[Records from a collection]

(* The gap [proj y be - proj y al] bounds the distance from the words starting
   with 0 to those starting with 1, so it survives a perturbation of [y]. *)
Lemma separating_near (c y z : R) : 0 < y <= c -> 0 <= z <= c -> c < 1 ->
  separating y -> Rabs (z - y) <= (proj y be - proj y al) / 4 * (1 - c) ->
  separating z.
Proof.
  intros Hy Hz Hc Hsep Hzy. pose proof Hsep as [Hheads Hgap].
  assert (Hmove : forall w, Rabs (proj z w - proj y w) <= (proj y be - proj y al) / 4)
    by (intros w; apply proj_close with c; lra).
  pose proof (Hmove al) as Hal. pose proof (Hmove be) as Hbe.
  apply Rabs_le_between in Hal, Hbe.
  split; [|lra].
  intros u v Hu Hv Hu0 Hv1.
  pose proof (heads_separated_le_alpha y ltac:(lra) u Hheads Hu Hu0).
  pose proof (heads_separated_beta_le y ltac:(lra) v Hheads Hv Hv1).
  pose proof (Hmove u) as Hmu. pose proof (Hmove v) as Hmv.
  apply Rabs_le_between in Hmu, Hmv. lra.
Qed.

End Admissible.

Lemma proj_le_left_limit (u v : Omega) (a m c : R) : 0 <= a < m -> m <= c < 1 ->
  (forall z, a <= z < m -> proj z u <= proj z v) -> proj m u <= proj m v.
Proof.
  intros Ham Hmc Hle. apply Rnot_lt_le. intros Hlt.
  set (e := (proj m u - proj m v) / 4).
  set (z := Rmax a (m - e * (1 - c))).
  assert (He : 0 < e * (1 - c)) by (apply Rmult_lt_0_compat; unfold e; lra).
  assert (Hz : a <= z < m /\ Rabs (m - z) <= e * (1 - c)).
  { unfold z, Rmax. destruct (Rle_dec a (m - e * (1 - c))); split; try lra;
      rewrite Rabs_pos_eq; lra. }
  pose proof (proj_close u m z c e ltac:(lra) ltac:(lra) ltac:(lra) ltac:(lra)) as Hu.
  pose proof (proj_close v m z c e ltac:(lra) ltac:(lra) ltac:(lra) ltac:(lra)) as Hv.
  apply Rabs_le_between in Hu, Hv.
  pose proof (Hle z ltac:(lra)). unfold e in *. lra.
Qed.

Lemma real_induction (P : R -> Prop) (a b : R) : a <= b -> P a ->
  (forall m, a < m <= b -> (forall z, a <= z < m -> P z) -> P m) ->
  (forall y, a <= y < b -> P y ->
     exists h, 0 < h /\ forall z, y <= z <= y + h -> z <= b -> P z) ->
  forall x, a <= x <= b -> P x.
Proof.
  intros Hab Ha Hclosed Hopen.
  set (E := fun t => a <= t <= b /\ forall z, a <= z <= t -> P z).
  destruct (completeness E) as [m [Hub Hlub]].
  { exists b. intros t Et. apply Et. }
  { exists a. split; [lra|]. intros z Hz. now replace z with a by lra. }
  assert (Ham : a <= m).
  { apply Hub. split; [lra|]. intros z Hz. now replace z with a by lra. }
  assert (Hmb : m <= b) by (apply Hlub; intros t Et; apply Et).
  assert (Hbelow : forall z, a <= z < m -> P z).
  { intros z Hz.
    destruct (Classical_Prop.classic (exists t, E t /\ z <= t)) as [[t [Et Hzt]]|Hno].
    - apply Et. lra.
    - exfalso. assert (m <= z); [|lra]. apply Hlub. intros t Et.
      apply Rnot_lt_le. intros Hzt. apply Hno. exists t. split; [exact Et|lra]. }
  assert (Hm : P m).
  { destruct (Req_dec a m) as [<-|Hne]; [exact Ha|]. apply Hclosed; [lra|exact Hbelow]. }
  assert (Hm_eq_b : m = b).
  { destruct (Req_dec m b) as [|Hne]; [assumption|exfalso].
    destruct (Hopen m ltac:(lra) Hm) as [h [Hh Hstep]].
    assert (E (Rmin (m + h) b)) as Et.
    { split; [unfold Rmin; destruct (Rle_dec (m + h) b); lra|].
      intros z Hz. destruct (Rlt_le_dec z m); [apply Hbelow; lra|].
      apply Hstep; unfold Rmin in Hz; destruct (Rle_dec (m + h) b); lra. }
    pose proof (Hub _ Et). unfold Rmin in *. destruct (Rle_dec (m + h) b); lra. }
  intros x Hx. destruct (Req_dec x m) as [->|]; [exact Hm|]. apply Hbelow. lra.
Qed.

Lemma separating_all (al be : Omega) : admissible al be ->
  ~ (exists x, 0 < x < 1 /\ proj x al = proj x be) ->
  forall x, 1/2 <= x < 1 -> separating al be x.
Proof.
  intros Had Hne x Hx.
  apply (real_induction (separating al be) (1/2) x); try lra.
  - now apply separating_half.
  - intros m Hm Hbelow. split.
    + intros u v Hu Hv Hu0 Hv1. apply (proj_le_left_limit u v (1/2) m x); try lra.
      intros z Hz. now apply (Hbelow z Hz).
    + assert (proj m al <= proj m be).
      { apply (proj_le_left_limit al be (1/2) m x); try lra.
        intros z Hz. apply Rlt_le, (Hbelow z Hz). }
      destruct (Req_dec (proj m al) (proj m be)) as [Heq|]; [|lra].
      exfalso. apply Hne. exists m. split; [lra|exact Heq].
  - intros y Hy Hsep. exists ((proj y be - proj y al) / 4 * (1 - x)). split.
    + apply Rmult_lt_0_compat; [destruct Hsep; lra|lra].
    + intros z Hz Hzx. apply (separating_near al be Had x y z); try lra; [exact Hsep|].
      rewrite Rabs_pos_eq; lra.
Qed.

Lemma proj_shift (w : Omega) (a : R) : 1 < a ->
  proj (1 / a) (S_shift w) = a * proj (1 / a) w - (a - 1) * b2R (w 0%nat).
Proof.
  intros Ha. assert (0 <= 1 / a < 1).
  { split; [apply Rlt_le, Rdiv_lt_0_compat; lra|].
    apply Rmult_lt_reg_r with a; [lra|]. field_simplify; lra. }
  rewrite (proj_cons w) by assumption. field. lra.
Qed.

Lemma f_plus_proj (a p : R) (w : Omega) : 1 < a ->
  (w 0%nat = false -> proj (1 / a) w < p) -> (w 0%nat = true -> p <= proj (1 / a) w) ->
  f_plus a p (proj (1 / a) w) = proj (1 / a) (S_shift w).
Proof.
  intros Ha H0 H1. rewrite proj_shift by exact Ha. unfold f_plus.
  destruct (w 0%nat); [specialize (H1 eq_refl)|specialize (H0 eq_refl)];
    destruct (Rlt_dec (proj (1 / a) w) p); simpl; lra.
Qed.

Lemma f_minus_proj (a p : R) (w : Omega) : 1 < a ->
  (w 0%nat = false -> proj (1 / a) w <= p) -> (w 0%nat = true -> p < proj (1 / a) w) ->
  f_minus a p (proj (1 / a) w) = proj (1 / a) (S_shift w).
Proof.
  intros Ha H0 H1. rewrite proj_shift by exact Ha. unfold f_minus.
  destruct (w 0%nat); [specialize (H1 eq_refl)|specialize (H0 eq_refl)];
    destruct (Rle_dec (proj (1 / a) w) p); simpl; lra.
Qed.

**WHAT IS BEING ASKED**
Copy out the line holding "< proj (1 / a) w) ->" along with all lines after it through the end of the entries, exactly and only these.

**PROBLEM SOLUTION**
  (w 0%nat = false -> proj (1 / a) w <= p) -> (w 0%nat = true -> p < proj (1 / a) w) ->
  f_minus a p (proj (1 / a) w) = proj (1 / a) (S_shift w).
Proof.
  intros Ha H0 H1. rewrite proj_shift by exact Ha. unfold f_minus.
  destruct (w 0%nat); [specialize (H1 eq_refl)|specialize (H0 eq_refl)];
    destruct (Rle_dec (proj (1 / a) w) p); simpl; lra.
Qed.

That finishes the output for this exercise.